### Task input

Lemma part_products a b K :
  (a * K) * (b * K) = a * b * (K * K) /\
  a * b * (K * K) = a * K * ((a + b) * K - a * K) /\
  a * K * ((a + b) * K - a * K) = b * K * ((a + b) * K - b * K).
Proof.
rewrite mulnDl addKn addnK; split; first by rewrite mulnACA.
by split; [rewrite mulnACA | rewrite mulnC].
Qed.

Theorem lemma5p5 (V : finType) (o : rel V) (n : nat) (s t : V)
  (u v : n.-tuple V) :
  oriented_tree o -> 1 <= n -> o s t ->
  ((val u = nseq n s /\ val v = nseq n t) \/
   (val u = rcons (nseq n.-1 s) t /\ val v = rcons (nseq n.-1 t) s)) ->
  let k := #|V| in
  let a := ncloser (undir o) s t in
  let b := ncloser (undir o) t s in
  ncloser (schreier_adj o n) u v * ncloser (schreier_adj o n) v u
    = a * b * k ^ (2 * (n - 1)) /\
  a * b * k ^ (2 * (n - 1)) = a * k ^ (n - 1) * (k ^ n - a * k ^ (n - 1)) /\
  a * k ^ (n - 1) * (k ^ n - a * k ^ (n - 1))
    = b * k ^ (n - 1) * (k ^ n - b * k ^ (n - 1)).
Proof.
case: n u v => [|m] u v o_tree // _ o_st special k a b.
have [a_B b_B] := ncloser_branch o_tree o_st.
have [card_S card_nS] := card_last_branch o s t m.
have k_ab : k = a + b by rewrite /a /b a_B b_B cardsC.
have [U_W W_U P_Q Q_P] := ncloser_special_edges o_tree o_st m.
have -> : ncloser (schreier_adj o m.+1) u v * ncloser (schreier_adj o m.+1) v u =
          #|last_branch o s t m| * #|~: last_branch o s t m|.
  case: special => -[u_val v_val]; rewrite (val_inj u_val) (val_inj v_val).
    by rewrite U_W W_U.
  by rewrite P_Q Q_P mulnC.
have kS : k ^ m.+1 = (a + b) * k ^ m by rewrite expnS {1}k_ab.
rewrite card_S card_nS -a_B -b_B -/a -/b -/k subn1 /= mul2n -addnn expnD kS.
exact: part_products.
Qed.
Lemma int_mul_eq1 x y : x \is a Num.int -> y \is a Num.int -> x * y = 1 ->
  x = 1 \/ x = -1.
Proof.
move=> xZ yZ xy1.
have [x0 y0] : x != 0 /\ y != 0.
  by split; apply: contra_eq_neq xy1 => ->; rewrite ?mul0r ?mulr0 eq_sym oner_neq0.
have x2 := sqr_intr_ge1 xZ x0; have y2 := sqr_intr_ge1 yZ y0.
have x2y2 : x ^+ 2 * y ^+ 2 = 1 by rewrite -exprMn xy1 expr1n.
have /eqP : (x - 1) * (x + 1) = 0 by nra.
by rewrite mulf_eq0 => /orP[] /eqP ?; [left|right]; lra.
Qed.

Lemma signr_half_int (b : bool) x : 2 * x \is a Num.int ->
  (-1) ^+ b * x - x \is a Num.int.
Proof.
case: b => x2Z; last by rewrite expr0 mul1r subrr int_num0.
by rewrite expr1 mulN1r -opprD -mulr2n -mulr_natl rpredN.
Qed.

End IntFacts.

Section SignMatrices.
Variables (R : numDomainType) (n : nat).
Implicit Types s : 'I_n -> bool.

Definition signmx s : 'M[R]_n := diag_mx (\row_k (-1) ^+ s k).

Lemma signmxE s i j : signmx s i j = (-1) ^+ s i *+ (i == j).
Proof. by rewrite !mxE. Qed.

Lemma mul_signmxE s p (A : 'M[R]_(n, p)) i j :
  (signmx s *m A) i j = (-1) ^+ s i * A i j.
Proof. by rewrite mul_diag_mx !mxE. Qed.

Lemma signmx_mul s s' : signmx s *m signmx s' = signmx (fun k => s k (+) s' k).
Proof.
by apply/matrixP => i j; rewrite mul_signmxE !signmxE mulrnAr signr_addb.
Qed.
(* Let $\Omega$ be a metrizable separable space and $c$ a capacity on $\mathcal{L}$, extended to all real functions on $\Omega$. (i) For every open $V\subset\Omega$ there is an increasing sequence of non-negative continuous functions $h_n$ with $1_V=\lim_n h_n$ and $c(1_V)=\lim_n c(h_n)$. (ii) For every closed $F\subset\Omega$ there is a decreasing sequence of continuous functions $g_n\le1$ with $1_F=\lim_n g_n$ and $c(1_F)=\lim_n c(g_n)$.
   Context: $\mathcal{L}\subset\mathcal{C}_b(\Omega)$ is a linear subspace which is a vector lattice, contains the constants and generates the topology of $\Omega$. A capacity on $\mathcal{L}$ is a seminorm $c$ with $c(f)\le c(g)$ whenever $|f|\le|g|$, and $\inf_n c(f_n)=0$ for every sequence $f_n\in\mathcal{L}$ decreasing pointwise to $0$. It is extended to all real functions by $c(f)=\sup\{c(\varphi):\varphi\in\mathcal{L},0\le\varphi\le f\}$ for $f\ge0$ lower semicontinuous and $c(g)=\inf\{c(f):f\text{ l.s.c.},f\ge|g|\}$ for arbitrary $g$. *)

From HB Require Import structures.
From mathcomp Require Import all_boot all_order all_algebra.
From mathcomp Require Import all_classical all_reals all_analysis.
Set Implicit Arguments. Unset Strict Implicit. Unset Printing Implicit Defensive.
Import Order.TTheory GRing.Theory Num.Theory numFieldTopology.Exports numFieldNormedType.Exports.
Local Open Scope classical_set_scope.
Local Open Scope ring_scope.

Section defs.
Context {R : realType} {T : topologicalType}.

Definition metrizable_space : Prop :=
  exists d : T -> T -> R,
    [/\ (forall x y, 0 <= d x y), (forall x y, d x y = 0 <-> x = y),
        (forall x y, d x y = d y x),
        (forall x y z, d x z <= d x y + d y z) &
        (forall A : set T, open A <->
           (forall x, A x -> exists2 e : R, 0 < e & [set y | d x y < e] `<=` A))].

Definition separable_space : Prop :=
  exists D : set T, countable D /\ closure D = setT.

Definition Cb_lattice (L : set (T -> R)) : Prop :=
  [/\ (forall f, L f -> continuous f /\ exists M : R, forall x, `|f x| <= M),
      (forall f g, L f -> L g -> L (f \+ g)),
      (forall (a : R) f, L f -> L (fun x => a * f x)),
      (forall f g, L f -> L g -> L (fun x => Num.max (f x) (g x))) &
      (forall a : R, L (fun _ => a))].

Definition generates_topology (L : set (T -> R)) : Prop :=
  forall U : set T, open U -> forall x, U x ->
    exists s : seq (T -> R), (forall f, f \in s -> L f) /\
      exists2 e : R, 0 < e &
        [set y | forall f, f \in s -> `|f y - f x| < e] `<=` U.

Definition capacity (L : set (T -> R)) (c : (T -> R) -> R) : Prop :=
  [/\ (forall f g, L f -> L g -> c (f \+ g) <= c f + c g),
      (forall (a : R) f, L f -> c (fun x => a * f x) = `|a| * c f),
      (forall f g, L f -> L g -> (forall x, `|f x| <= `|g x|) -> c f <= c g) &
      (forall fn : nat -> T -> R, (forall n, L (fn n)) ->
         (forall n x, fn n.+1 x <= fn n x) ->
         (forall x, fn n x @[n --> \oo] --> 0) ->
         inf (range (fun n => c (fn n))) = 0)].

Local Open Scope ereal_scope.

(* c(f) for f >= 0 lower semicontinuous *)
Definition cap_lsc (L : set (T -> R)) (c : (T -> R) -> R) (f : T -> R) : \bar R :=
  ereal_sup [set (c phi)%:E | phi in
               [set phi | L phi /\ forall x, (0 <= phi x <= f x)%R]].

Definition cap_ext (L : set (T -> R)) (c : (T -> R) -> R) (g : T -> R) : \bar R :=
  ereal_inf [set cap_lsc L c f | f in
               [set f | lower_semicontinuous (fun x => (f x)%:E) /\
                        forall x, (`|g x| <= f x)%R]].
End defs.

######

= What the task asks =
Only the lines with "extended" are needed; find them in the records and copy each one.

= Reply to the exercise =
(* Let $\Omega$ be a metrizable separable space and $c$ a capacity on $\mathcal{L}$, extended to all real functions on $\Omega$. (i) For every open $V\subset\Omega$ there is an increasing sequence of non-negative continuous functions $h_n$ with $1_V=\lim_n h_n$ and $c(1_V)=\lim_n c(h_n)$. (ii) For every closed $F\subset\Omega$ there is a decreasing sequence of continuous functions $g_n\le1$ with $1_F=\lim_n g_n$ and $c(1_F)=\lim_n c(g_n)$.
   Context: $\mathcal{L}\subset\mathcal{C}_b(\Omega)$ is a linear subspace which is a vector lattice, contains the constants and generates the topology of $\Omega$. A capacity on $\mathcal{L}$ is a seminorm $c$ with $c(f)\le c(g)$ whenever $|f|\le|g|$, and $\inf_n c(f_n)=0$ for every sequence $f_n\in\mathcal{L}$ decreasing pointwise to $0$. It is extended to all real functions by $c(f)=\sup\{c(\varphi):\varphi\in\mathcal{L},0\le\varphi\le f\}$ for $f\ge0$ lower semicontinuous and $c(g)=\inf\{c(f):f\text{ l.s.c.},f\ge|g|\}$ for arbitrary $g$. *)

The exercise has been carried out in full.